Blind Spatial Impulse Response Generation from Separate Room- and Scene-Specific Information

Francesc Lluís, Nils Meyer-Kahlen

Companion page for the paper "Blind Spatial Impulse Response Generation from Separate Room- and Scene-Specific Information" submitted for ICASSP 2025.

Abstract

For audio in augmented reality (AR), knowledge of the users' real acoustic environment is crucial for rendering virtual sounds that seamlessly blend into the environment. As acoustic measurements are usually not feasible in practical AR applications, information about the room needs to be inferred from available sound sources. Then, additional sound sources can be rendered with the same room acoustic qualities. Crucially, these are placed at different positions than the sources available for estimation. Here, we propose to use an encoder network trained using a contrastive loss that maps input sounds to a low-dimensional feature space representing only room-specific information.

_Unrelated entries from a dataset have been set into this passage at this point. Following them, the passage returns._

(* Let $G\subset\mathbb{R}^d$ be a bounded domain with $C^3$ boundary, let $f:\bar G\to[0,\infty)$ satisfy: $f_{\min}:=\inf_{x\in\bar G}f(x)>0$, $f$ has a unique minimizer in $\bar G$, and $|f(x)-f(y)|\le L_f|x-y|$ for all $x,y\in\bar G$. Let $\alpha,\beta,\sigma>0$. For $\mu\in\mathcal P(\bar G)$ set $\bar X^\mu=\int_{\bar G}xe^{-\alpha f(x)}\mu(dx)\big/\int_{\bar G}e^{-\alpha f(x)}\mu(dx)$ and define $$b(t,x,\mu)=\beta(x-\bar X^\mu),\qquad\sigma(t,x,\mu)=\sigma\,\mathrm{Diag}(x-\bar X^\mu).$$ Then there exists $L>0$ such that for all $t\ge0$, $x,y\in\bar G$ and $\mu^1,\mu^2\in\mathcal P(\bar G)$, $$|b(t,x,\mu^1)-b(t,y,\mu^2)|+|\sigma(t,x,\mu^1)-\sigma(t,y,\mu^2)|\le L\big(|x-y|+\mathcal W_4(\mu^1,\mu^2)\big),$$ and $b,\sigma$ are continuous in $t$.
   Context: $\mathcal P(\bar G)$ is the set of Borel probability measures on $\bar G$; $\mathcal W_4$ is the Wasserstein 4-distance; $\mathrm{Diag}(v)$ is the diagonal matrix with diagonal $v$; the matrix norm is the Frobenius norm. *)

From HB Require Import structures.
From mathcomp Require Import all_boot all_order all_algebra.
From mathcomp Require Import all_classical all_reals all_analysis.
Set Implicit Arguments. Unset Strict Implicit. Unset Printing Implicit Defensive.
Import Order.TTheory GRing.Theory Num.Theory.
Import numFieldNormedType.Exports.
Local Open Scope classical_set_scope.
Local Open Scope ring_scope.

Section Defs.
Variables (R : realType) (d : nat).

Definition fnorm m n (A : 'M[R]_(m, n)) : R :=
  Num.sqrt (\sum_(i < m) \sum_(j < n) (A i j) ^+ 2).

Definition enorm (x : 'rV[R]_d) : R := fnorm x.

Fixpoint Ck (k : nat) (f : 'rV[R]_d -> R) : Prop :=
  match k with
  | 0%N => continuous f
  | k.+1 => continuous f /\
      forall v : 'rV[R]_d, (forall x, derivable f x v) /\ Ck k ('D_v f)
  end.

Definition bounded_domain (G : set 'rV[R]_d) : Prop :=
  G !=set0 /\ open G /\ connected G /\ exists M : R, forall x, G x -> enorm x <= M.

(* C^3 boundary (local defining function): around every boundary point x0 there
   are r > 0 and a C^3 function phi with nonvanishing gradient on the ball
   such that G coincides with {phi < 0} in the ball *)
Definition C3_boundary (G : set 'rV[R]_d) : Prop :=
  forall x0, (closure G `\` G) x0 ->
    exists r : R, 0 < r /\ exists phi : 'rV[R]_d -> R, Ck 3 phi /\
      forall x, enorm (x - x0) < r ->
        (exists v, 'D_v phi x != 0) /\ (G x <-> phi x < 0).

Definition Rd := g_sigma_algebraType (@open 'rV[R]_d).

(* P(Gbar): Borel probability measures on R^d concentrated on Gbar *)
Definition probOn (Gbar : set 'rV[R]_d) (mu : probability Rd R) : Prop :=
  mu (Gbar : set Rd) = 1%E.

Definition is_coupling (mu nu : probability Rd R) (pi : probability (Rd * Rd)%type R) : Prop :=
  forall A : set Rd, measurable A ->
    pi (fst @^-1` A) = mu A /\ pi (snd @^-1` A) = nu A.

Definition W4 (mu nu : probability Rd R) : R :=
  powR (fine (ereal_inf [set c | exists pi, is_coupling mu nu pi /\
      c = (\int[pi]_z ((enorm ((z.1 : 'rV[R]_d) - z.2)) ^+ 4)%:E)%E])) (4%:R^-1).

Definition Xbar (Gbar : set 'rV[R]_d) (alpha : R) (f : 'rV[R]_d -> R)
  (mu : probability Rd R) : 'rV[R]_d :=
  \row_i ((\int[mu]_(x in (Gbar : set Rd)) ((x : 'rV[R]_d) 0 i * expR (- alpha * f x)))
          / (\int[mu]_(x in (Gbar : set Rd)) expR (- alpha * f x))).

Definition bdrift Gbar alpha f (beta : R) (t : R) (x : 'rV[R]_d) mu : 'rV[R]_d :=
  beta *: (x - Xbar Gbar alpha f mu).

Definition sdiff Gbar alpha f (sigma : R) (t : R) (x : 'rV[R]_d) mu : 'M[R]_d :=
  sigma *: diag_mx (x - Xbar Gbar alpha f mu).

End Defs.

From HB Require Import structures.
From mathcomp Require Import all_boot all_order all_algebra.
From mathcomp Require Import all_classical all_reals all_analysis.
From mathcomp Require Import measurable_realfun ring lra.
Set Implicit Arguments. Unset Strict Implicit. Unset Printing Implicit Defensive.
Import Order.TTheory GRing.Theory Num.Theory.
Import numFieldNormedType.Exports.
Local Open Scope classical_set_scope.
Local Open Scope ring_scope.

(* The drift and the diffusion are both affine images of x - Xbar^mu, so the
   estimate reduces to Lipschitz continuity of mu |-> Xbar^mu for W4 on
   probability measures carried by the compact set closure G.  Each coordinate
   of Xbar^mu is the quotient of the integrals of the bounded Lipschitz
   functions x_j e^{-alpha f(x)} and e^{-alpha f(x)}, the denominator being at
   least e^{-alpha max f} > 0.  For a K-Lipschitz g and a coupling pi of mu1 and
   mu2, the pointwise bound |x - y| <= w + |x - y|^4 / w^3 gives
   |int g dmu1 - int g dmu2| <= K w + (K / w^3) int |x - y|^4 dpi; taking pi
   nearly optimal and w close to W4(mu1, mu2) yields 2 K W4(mu1, mu2).
   The coefficients do not depend on t, hence are continuous in t. *)

Section EuclideanNorm.
Variables (R : realType) (d : nat).
Implicit Types (u v : 'rV[R]_d).

Lemma enormE v : enorm v = Num.sqrt (\sum_j v ord0 j ^+ 2).
Proof. by rewrite /enorm /fnorm big_ord1. Qed.

Lemma enorm_ge0 v : 0 <= enorm v.
Proof. by rewrite enormE sqrtr_ge0. Qed.

Lemma coord_le_enorm v i : `|v ord0 i| <= enorm v.
Proof.
rewrite enormE -sqrtr_sqr ler_wsqrtr // (bigD1 i) //= lerDl.
by rewrite sumr_ge0 // => j _; exact: sqr_ge0.
Qed.

Lemma enorm_le_sum v : enorm v <= \sum_j `|v ord0 j|.
Proof.
have s0 : 0 <= \sum_j `|v ord0 j| by rewrite sumr_ge0.
rewrite enormE -[leRHS](ger0_norm s0) -sqrtr_sqr ler_wsqrtr //.
rewrite expr2 mulr_suml; apply: ler_sum => j _.
rewrite -real_normK ?num_real // expr2 ler_wpM2l // (bigD1 j) //= lerDl.
by rewrite sumr_ge0.
Qed.

Lemma enorm_le_coord_bound v (c : R) :
  (forall j, `|v ord0 j| <= c) -> enorm v <= d%:R * c.
Proof.
move=> vc; apply: le_trans (enorm_le_sum v) _.
have -> : d%:R * c = \sum_(j < d) c by rewrite sumr_const card_ord mulr_natl.
by apply: ler_sum => j _; exact: vc.
Qed.

Lemma enormZ (c : R) v : enorm (c *: v) = `|c| * enorm v.
Proof.
rewrite !enormE; under eq_bigr do rewrite mxE exprMn.
by rewrite -mulr_sumr sqrtrM ?sqr_ge0 // sqrtr_sqr.
Qed.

Then, a diffusion-based spatial room impulse response generator is trained to take the latent space and generate a new response, given a new source-receiver position. We show how both room- and position-specific parameters are considered in the final output.

Examples: Spatial Analysis

These examples show one channel of true and generated SRIR in the time domain along with directional analysis results, as provided by the analysis stage of the spatial decomposition method [1]. All plots use the same dynamic range; spatial data is shown for time instances where the sound pressure is no less than 24dB below the direct sound. These plots should demonstrate that the temporal and spatial structure of the generated responses is similar to the ground truth responses. They also show the interaural coherence of rendered binaural responses. In the leftmost plots, red squares indicate source positions. Black dots ground truth positions, and blue dots generated positions. The receiver is facing in positive x direction.

Room 1 In this example, Pos. 1 (the generated SRIR) and Pos. 2 are close to each other. The direct sound direction (approximately 130 degree and 150 degree, respectively) and the DRR are similar. With the high DRR, the direct sound dominates both spatial plots. Examining the temporal structure of the genereted response and comparing it to the true response of Pos 2, one would not be able to identify it as generated. Pos. 3 further away from the sound source. Hence, the DRR is lower and the spatial analysis result shows more late energy than in the case of the other two responses.

Room 2 Here, the response for position 2 was generated.

Room 3 This is a very dry room, which makes the direct sound position very apparent in the maps. The interaural coherence is higher than in the other rooms shown.

Room 4 A more reverberant room.

Room 5 In this example, the response for Pos 2 was generated. It is located close to Pos 1. Hence, the direct sound for both of them is on the right-rear, at around 150 degrees.

Listening Examples

The examples show three renderings. Two use simulated responses from different positions within the same room, whereas the third uses a generated response. Binaural renderings were produced using the spatial decomposition method based on four-channel responses.

Please use headphones for the correct binaural experience.

	Ground Truth 1 in Room	Ground Truth 2 in Room	Generated
Room 1
Room 2
Room 3
Room 4
Room 5

References

[1] S. Tervo, J. Pätynen, A. Kuusinen, and T. Lokki, "Spatial Decomposition Method for Room Impulse Responses," J. Audio Eng. Soc., vol. 61, no. 1, pp. 17–28, Mar. 2013.